"A ingratidão é um dos frutos mais imediatos do egoísmo; revolta sempre os corações honestos; mas a dos filhos com relação aos pais tem um caráter ainda mais odioso. (...) Aqui, como por toda a parte, o Espiritismo veio lançar luz sobre um dos problemas do coração humano.
Quando o Espírito deixa a Terra, carrega consigo as paixões ou as virtudes inerentes à sua natureza, e vai para o espaço se aperfeiçoar ou ficar estacionário, até que queira ver a luz. Alguns, pois, partiram carregando consigo ódios poderosos e desejos de vingança insatisfeitos; mas a alguns destes, mais avançados que os outros, é permitido entrever algo da verdade; eles reconhecem os funestos efeitos de suas paixões e, então, tomam boas resoluções; compreendem que para ir a Deus não há senão uma senha: caridade. Ora, não há caridade sem esquecimento de ultrajes e de injúrias; não há caridade com ódios no coração e sem perdão.
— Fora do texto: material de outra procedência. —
(* Let $(X,d)$ be a pointed metric space and let $((x_i,y_i))_{i\in I}$ be a Lipschitz interpolating family in $\widetilde X$ for $\mathrm{Lip}_0(X)$ with Lipschitz interpolation constant $M$. The following are equivalent: (i) $((x_i,y_i))_{i\in I}$ has a Beurling set $(f_i)_{i\in I}$ of functions in $\mathrm{Lip}_0(X)$. (ii) For each real Banach space $E$ there exists a bounded linear operator $R_E:\ell_\infty(I,E)\to\mathrm{Lip}_0(X,E)$ with $\|R_E\|\leq M$ and $T_E\circ R_E=\mathrm{Id}_{\ell_\infty(I,E)}$. Moreover, in that case, for every Banach space $E$ the family $((x_i,y_i))_{i\in I}$ is Lipschitz interpolating for $\mathrm{Lip}_0(X,E)$ and $M_E=M$.
   Context: All spaces are real. $(X,d)$ is a metric space with base point $0$, $\widetilde{X}=\{(x,y)\in X\times X: x\neq y\}$. For a Banach space $E$, $\mathrm{Lip}_0(X,E)$ is the Banach space of Lipschitz $f:X\to E$ with $f(0)=0$, normed by $\|f\|=\sup_{(x,y)\in\widetilde X}\|f(x)-f(y)\|/d(x,y)$; $\mathrm{Lip}_0(X)=\mathrm{Lip}_0(X,\mathbb R)$. $\ell_\infty(I,E)$ is the space of bounded families in $E$ with the sup norm. For a family $((x_i,y_i))_{i\in I}$ in $\widetilde X$, $T_E:\mathrm{Lip}_0(X,E)\to\ell_\infty(I,E)$ is $T_E(f)=\big((f(x_i)-f(y_i))/d(x_i,y_i)\big)_{i\in I}$, and $T=T_{\mathbb R}$. The family is Lipschitz interpolating for $\mathrm{Lip}_0(X,E)$ if $T_E$ is surjective; then $M_E=\inf\{K>0:\forall v\in\ell_\infty(I,E),\ \|v\|_\infty\le1,\ \exists f\in\mathrm{Lip}_0(X,E),\ \|f\|\le K,\ T_E(f)=v\}$. The Lipschitz interpolation constant for $\mathrm{Lip}_0(X)$ is $M=\inf\{K\geq 1: \forall \alpha\in\ell_\infty(I), \|\alpha\|_\infty\le1,\ \exists f\in\mathrm{Lip}_0(X),\ \|f\|\le K,\ T(f)=\alpha\}$. A Beurling set of functions in $\mathrm{Lip}_0(X)$ for the family is a family $(f_i)_{i\in I}$ of functions $f_i:X\to\mathbb R$ with $f_i(0)=0$, $(f_i(x_j)-f_i(y_j))/d(x_j,y_j)=\delta_{ij}$ for all $i,j\in I$, and $\sup_{(x,y)\in\widetilde X}\sum_{i\in I}|f_i(x)-f_i(y)|/d(x,y)\leq M$. *)

From HB Require Import structures.
From mathcomp Require Import all_boot all_order all_algebra.
From mathcomp Require Import all_classical all_reals all_analysis.
Set Implicit Arguments. Unset Strict Implicit. Unset Printing Implicit Defensive.
Import Order.TTheory GRing.Theory Num.Theory.
Import numFieldNormedType.Exports.
Local Open Scope classical_set_scope.
Local Open Scope ring_scope.

Section LipInterp.
Context {R : realType} {X : Type} (d : X -> X -> R) (x0 : X).

Definition is_metric : Prop :=
  (forall a b, 0 <= d a b) /\ (forall a b, d a b = 0 <-> a = b) /\
  (forall a b, d a b = d b a) /\ (forall a b c, d a c <= d a b + d b c).

Section Vec.
Context (E : normedModType R).

Definition lip0 (f : X -> E) : Prop :=
  f x0 = 0 /\ exists C : R, forall a b, `|f a - f b| <= C * d a b.

Definition lipnorm (f : X -> E) : R :=
  sup [set r | exists a b, a <> b /\ r = `|f a - f b| / d a b].

Context {I : Type}.

Definition bdd_family (v : I -> E) : Prop := exists C : R, forall i, `|v i| <= C.

Definition linfnorm (v : I -> E) : R := sup [set `|v i| | i in setT].

Context (x y : I -> X).

Definition TE (f : X -> E) : I -> E :=
  fun i => (d (x i) (y i))^-1 *: (f (x i) - f (y i)).

Definition lip_interpolating : Prop :=
  forall v : I -> E, bdd_family v -> exists f : X -> E, lip0 f /\ TE f = v.

Definition interp_constE : R :=
  inf [set K : R | 0 < K /\
        forall v : I -> E, bdd_family v -> linfnorm v <= 1 ->
          exists f : X -> E, lip0 f /\ lipnorm f <= K /\ TE f = v].

Definition opnorm (RE : (I -> E) -> (X -> E)) : R :=
  sup [set lipnorm (RE v) | v in [set v | bdd_family v /\ linfnorm v <= 1]].

Definition has_linear_extension (M : R) : Prop :=
  exists RE : (I -> E) -> (X -> E),
    (forall v, bdd_family v -> lip0 (RE v)) /\
    (forall (a : R) v w, bdd_family v -> bdd_family w ->
        RE (fun i => a *: v i + w i) = (fun p => a *: RE v p + RE w p)) /\
    (exists C : R, forall v, bdd_family v -> lipnorm (RE v) <= C * linfnorm v) /\
    opnorm RE <= M /\
    (forall v, bdd_family v -> TE (RE v) = v).

End Vec.

Section Scalar.
Context {I : choiceType} (x y : I -> X).

Definition interp_const : R :=
  inf [set K : R | 1 <= K /\
        forall alpha : I -> R^o, bdd_family alpha -> linfnorm alpha <= 1 ->
          exists f : X -> R^o, lip0 f /\ lipnorm f <= K /\ TE x y f = alpha].

Definition beurling_set (M : R) : Prop :=
  exists f : I -> X -> R,
    (forall i, f i x0 = 0) /\
    (forall i j, (f i (x j) - f i (y j)) / d (x j) (y j) = (i == j)%:R) /\
    (forall a b, a <> b ->
       (esum setT (fun i => (`|f i a - f i b| / d a b)%:E) <= M%:E)%E).

End Scalar.
End LipInterp.

From HB Require Import structures.
From mathcomp Require Import all_boot all_order all_algebra finmap.
From mathcomp Require Import all_classical all_reals all_analysis.
From mathcomp.analysis.showcase Require Import summability.
From mathcomp Require Import lra.
Set Implicit Arguments. Unset Strict Implicit. Unset Printing Implicit Defensive.
Import Order.TTheory GRing.Theory Num.Theory.
Import numFieldNormedType.Exports.
Local Open Scope classical_set_scope.
Local Open Scope ring_scope.

(* (i) -> (ii): R_E v := sum_i v_i f_i converges unconditionally at each point,
   since sum_i |f_i a - f_i b| <= M d(a,b), and T_E (R_E v) = v because
   f_i(x_j) - f_i(y_j) = delta_ij d(x_j,y_j).
   (ii) -> (i): put f_i := R(e_i) for E = R.  On a finite set A of indices,
   R applied to the sign vector sum_(i in A) +-e_i turns sum_(i in A) |f_i a - f_i b|
   into the single difference |R w a - R w b| <= |R| |w|_oo d(a,b) <= M d(a,b).
   Finally R_E witnesses M_E <= M.  Conversely, for |e| = 1 the function
   q u := inf_t (|u - t e| + t) is 1-Lipschitz, vanishes at 0 and satisfies
   q (u + s e) = q u + s, so q composed with an E-valued interpolant of (alpha_i e)
   is a scalar interpolant of alpha of no larger norm; q stands in for the
   norming functional of e given by Hahn-Banach. *)

Lemma sum_fsetD_incl {I : choiceType} {V : nmodType} (A B : {fset I}) (F : I -> V) :
  (A `<=` B)%fset -> \sum_(i <- B) F i = \sum_(i <- A) F i + \sum_(i <- (B `\` A)%fset) F i.
Proof.
move=> AB; rewrite (big_fsetID _ (mem A)); congr (_ + _); apply: eq_fbigl => i.
  by rewrite !inE /= andb_idl // => /(fsubsetP AB).
by rewrite !inE andbC.
Qed.

Lemma sup_le_nonneg {R : realType} (S : set R) (K : R) :
  0 <= K -> ubound S K -> sup S <= K.
Proof.
move=> K0 SK; have [->|/set0P S0] := eqVneq S set0; first by rewrite sup0.
exact: ge_sup.
Qed.

Lemma inf_ge0 {R : realType} (S : set R) : lbound S 0 -> 0 <= inf S.
Proof.
move=> S0; have [->|/set0P nS] := eqVneq S set0; first by rewrite inf0.
exact: lb_le_inf.
Qed.

(* The library declares this instance inside a section, so it is not global. *)
#[local] Existing Instance totally_filter.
Então, por um esforço inaudito, olham aqueles que detestaram na Terra, mas ante essa visão, sua animosidade desperta; revoltam-se com a ideia de perdoar, e mais ainda com a de se abdicarem de si mesmos, sobretudo, à de amarem aqueles que talvez lhe destruíram a fortuna, a honra, a família. Entretanto, o coração desses infortunados está abalado; eles hesitam, vacilam, agitados por sentimentos contrários; se a boa resolução vence, pedem a Deus, imploram aos bons Espíritos que lhes dêem forças no momento mais decisivo da prova.
Enfim, depois de alguns anos de meditações e de preces, o Espírito se aproveita de um corpo que se prepara na família daquele que detestou, e pede aos Espíritos encarregados de transmitirem as ordens supremas, para ir cumprir na Terra os destinos desse corpo que vem de se formar. Qual será, pois, a sua conduta nessa família? Dependerá da sua maior ou menor persistência nas boas resoluções que tomou. O incessante contato com seres a quem odiou constitui prova terrível, sob a qual não raro sucumbe, se não tem ainda bastante forte a vontade. Assim, conforme prevaleça ou não a resolução boa, ele será o amigo ou inimigo daqueles entre os quais foi chamado a viver. É como se explicam esses ódios, essas repulsões instintivas que se notam da parte de certas crianças e que parecem injustificáveis. Nada, com efeito, naquela existência há podido provocar semelhante antipatia; para se lhe apreender a causa, necessário se torna volver o olhar ao passado.
Ó, espíritas! Compreendei agora o grande papel da Humanidade; compreendei que, quando produzis um corpo, a alma que nele encarna vem do espaço para progredir; inteirai-vos dos vossos deveres e ponde todo o vosso amor em aproximar de Deus essa alma; tal a missão que vos está confiada e cuja recompensa recebereis, se fielmente a cumprirdes. Os vossos cuidados e a educação que lhe dareis auxiliarão o seu aperfeiçoamento e o seu bem-estar futuro. Lembrai-vos de que a cada pai e a cada mãe perguntará Deus: Que fizestes do filho confiado à vossa guarda? Se por culpa vossa ele se conservou atrasado, tereis como castigo vê-lo entre os Espíritos sofredores, quando de vós dependia que fosse ditoso. Então, vós mesmos, assediados de remorsos, pedireis vos seja concedido reparar a vossa falta; solicitareis, para vós e para ele, outra encarnação em que o cerqueis de melhores cuidados e em que ele, cheio de reconhecimento, vos retribuirá com o seu amor.
Não escorraceis, pois, a criancinha que repele sua mãe, nem a que vos paga com a ingratidão; não foi o acaso que a fez assim e que vo-la deu. Imperfeita intuição do passado se revela, do qual podeis deduzir que um ou outro já odiou muito, ou foi muito ofendido; que um ou outro veio para perdoar ou para expiar. Mães! Abraçai o filho que vos dá desgostos e dizei convosco mesmas: Um de nós dois é culpado. Fazei-vos merecedoras dos gozos divinos que Deus conjugou à maternidade, ensinando aos vossos filhos que eles estão na Terra para se aperfeiçoar, amar e bendizer. Mas, oh! muitas dentre vós, em vez de eliminar por meio da educação os maus princípios inatos de existências anteriores, entretêm e desenvolvem esses princípios, por uma culposa fraqueza, ou por descuido, e, mais tarde, o vosso coração, ulcerado pela ingratidão dos vossos filhos, será para vós, já nesta vida, um começo de expiação."
("O Evangelho Segundo o Espiritismo", de Allan Kardec, Capítulo XIV, item 9).